── DATASET EXCERPTS ──

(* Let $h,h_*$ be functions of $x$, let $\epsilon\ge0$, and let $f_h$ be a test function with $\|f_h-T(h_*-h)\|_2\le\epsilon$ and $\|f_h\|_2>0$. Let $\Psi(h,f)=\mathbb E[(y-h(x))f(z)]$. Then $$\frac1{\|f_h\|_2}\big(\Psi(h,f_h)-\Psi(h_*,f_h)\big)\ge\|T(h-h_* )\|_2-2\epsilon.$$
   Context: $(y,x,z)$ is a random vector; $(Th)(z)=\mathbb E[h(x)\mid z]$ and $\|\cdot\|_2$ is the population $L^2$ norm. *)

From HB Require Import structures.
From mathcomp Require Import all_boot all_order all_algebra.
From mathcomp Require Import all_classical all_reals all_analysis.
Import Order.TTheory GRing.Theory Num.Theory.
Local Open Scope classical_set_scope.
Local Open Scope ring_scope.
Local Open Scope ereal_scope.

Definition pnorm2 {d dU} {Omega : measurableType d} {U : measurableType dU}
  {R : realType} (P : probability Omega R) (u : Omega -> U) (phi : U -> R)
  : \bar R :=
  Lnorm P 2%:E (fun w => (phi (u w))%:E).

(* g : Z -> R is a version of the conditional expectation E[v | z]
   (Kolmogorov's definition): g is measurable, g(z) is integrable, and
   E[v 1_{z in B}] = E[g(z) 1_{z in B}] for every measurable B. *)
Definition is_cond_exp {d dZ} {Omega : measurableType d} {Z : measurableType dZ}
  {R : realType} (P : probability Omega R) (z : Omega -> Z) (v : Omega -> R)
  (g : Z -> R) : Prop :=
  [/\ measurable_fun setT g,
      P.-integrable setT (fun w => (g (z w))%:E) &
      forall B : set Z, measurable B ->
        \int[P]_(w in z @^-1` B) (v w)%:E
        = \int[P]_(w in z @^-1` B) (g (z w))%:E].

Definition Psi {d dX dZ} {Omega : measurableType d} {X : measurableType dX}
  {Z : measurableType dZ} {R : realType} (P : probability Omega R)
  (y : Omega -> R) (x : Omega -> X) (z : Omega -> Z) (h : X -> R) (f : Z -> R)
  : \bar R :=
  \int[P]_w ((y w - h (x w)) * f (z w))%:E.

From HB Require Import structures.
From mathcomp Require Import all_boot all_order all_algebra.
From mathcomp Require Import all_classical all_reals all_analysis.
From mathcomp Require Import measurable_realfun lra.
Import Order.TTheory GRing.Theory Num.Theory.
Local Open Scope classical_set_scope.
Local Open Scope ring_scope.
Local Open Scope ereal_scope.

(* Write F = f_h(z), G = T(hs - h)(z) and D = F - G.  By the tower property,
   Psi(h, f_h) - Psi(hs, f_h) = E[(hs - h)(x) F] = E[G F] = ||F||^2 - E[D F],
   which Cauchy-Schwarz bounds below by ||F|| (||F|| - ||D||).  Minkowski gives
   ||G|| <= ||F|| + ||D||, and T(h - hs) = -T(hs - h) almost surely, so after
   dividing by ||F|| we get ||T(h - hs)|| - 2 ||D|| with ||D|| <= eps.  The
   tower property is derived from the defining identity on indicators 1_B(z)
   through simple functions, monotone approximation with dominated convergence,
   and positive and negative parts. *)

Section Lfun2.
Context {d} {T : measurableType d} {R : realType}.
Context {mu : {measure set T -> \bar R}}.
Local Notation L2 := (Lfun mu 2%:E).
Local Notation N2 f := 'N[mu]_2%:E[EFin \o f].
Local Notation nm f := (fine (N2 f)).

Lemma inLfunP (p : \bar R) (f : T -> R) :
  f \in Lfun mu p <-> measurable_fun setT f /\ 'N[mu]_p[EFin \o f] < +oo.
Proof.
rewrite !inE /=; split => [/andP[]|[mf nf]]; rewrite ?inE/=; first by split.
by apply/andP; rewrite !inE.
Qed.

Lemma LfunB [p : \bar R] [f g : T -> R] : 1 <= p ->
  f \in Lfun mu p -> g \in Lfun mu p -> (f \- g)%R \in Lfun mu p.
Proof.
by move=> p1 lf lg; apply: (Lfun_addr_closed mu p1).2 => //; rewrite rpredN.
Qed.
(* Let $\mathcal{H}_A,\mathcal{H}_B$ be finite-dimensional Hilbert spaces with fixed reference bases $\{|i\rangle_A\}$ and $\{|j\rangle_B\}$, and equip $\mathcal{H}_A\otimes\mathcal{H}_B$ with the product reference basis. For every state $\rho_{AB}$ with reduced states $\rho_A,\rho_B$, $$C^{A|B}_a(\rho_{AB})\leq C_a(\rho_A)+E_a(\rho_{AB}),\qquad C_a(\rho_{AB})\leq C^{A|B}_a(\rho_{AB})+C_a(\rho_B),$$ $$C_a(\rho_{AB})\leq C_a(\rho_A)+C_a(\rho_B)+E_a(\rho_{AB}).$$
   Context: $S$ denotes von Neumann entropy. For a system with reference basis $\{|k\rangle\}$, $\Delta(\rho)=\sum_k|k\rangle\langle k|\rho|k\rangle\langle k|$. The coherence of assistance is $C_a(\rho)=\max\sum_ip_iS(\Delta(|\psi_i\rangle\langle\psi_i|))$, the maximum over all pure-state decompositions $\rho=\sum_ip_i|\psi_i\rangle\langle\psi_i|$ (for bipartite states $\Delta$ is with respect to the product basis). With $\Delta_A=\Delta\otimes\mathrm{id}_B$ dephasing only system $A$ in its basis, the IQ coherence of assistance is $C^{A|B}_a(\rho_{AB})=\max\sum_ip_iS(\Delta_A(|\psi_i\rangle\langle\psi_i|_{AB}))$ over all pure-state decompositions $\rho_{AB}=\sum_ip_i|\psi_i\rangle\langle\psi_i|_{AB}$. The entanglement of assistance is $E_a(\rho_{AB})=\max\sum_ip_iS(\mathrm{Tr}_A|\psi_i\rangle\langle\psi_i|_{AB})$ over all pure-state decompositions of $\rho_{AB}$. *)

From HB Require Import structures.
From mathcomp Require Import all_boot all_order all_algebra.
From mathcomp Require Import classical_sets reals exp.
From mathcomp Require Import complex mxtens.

───

EXERCISE REQUIREMENTS:
Above are the records; please copy exactly their first line and each line after it through the line containing "B) (g (z w))%:E].", and no line after that.

SOLUTION FOR THIS EXERCISE:
(* Let $h,h_*$ be functions of $x$, let $\epsilon\ge0$, and let $f_h$ be a test function with $\|f_h-T(h_*-h)\|_2\le\epsilon$ and $\|f_h\|_2>0$. Let $\Psi(h,f)=\mathbb E[(y-h(x))f(z)]$. Then $$\frac1{\|f_h\|_2}\big(\Psi(h,f_h)-\Psi(h_*,f_h)\big)\ge\|T(h-h_* )\|_2-2\epsilon.$$
   Context: $(y,x,z)$ is a random vector; $(Th)(z)=\mathbb E[h(x)\mid z]$ and $\|\cdot\|_2$ is the population $L^2$ norm. *)

From HB Require Import structures.
From mathcomp Require Import all_boot all_order all_algebra.
From mathcomp Require Import all_classical all_reals all_analysis.
Import Order.TTheory GRing.Theory Num.Theory.
Local Open Scope classical_set_scope.
Local Open Scope ring_scope.
Local Open Scope ereal_scope.

Definition pnorm2 {d dU} {Omega : measurableType d} {U : measurableType dU}
  {R : realType} (P : probability Omega R) (u : Omega -> U) (phi : U -> R)
  : \bar R :=
  Lnorm P 2%:E (fun w => (phi (u w))%:E).

(* g : Z -> R is a version of the conditional expectation E[v | z]
   (Kolmogorov's definition): g is measurable, g(z) is integrable, and
   E[v 1_{z in B}] = E[g(z) 1_{z in B}] for every measurable B. *)
Definition is_cond_exp {d dZ} {Omega : measurableType d} {Z : measurableType dZ}
  {R : realType} (P : probability Omega R) (z : Omega -> Z) (v : Omega -> R)
  (g : Z -> R) : Prop :=
  [/\ measurable_fun setT g,
      P.-integrable setT (fun w => (g (z w))%:E) &
      forall B : set Z, measurable B ->
        \int[P]_(w in z @^-1` B) (v w)%:E
        = \int[P]_(w in z @^-1` B) (g (z w))%:E].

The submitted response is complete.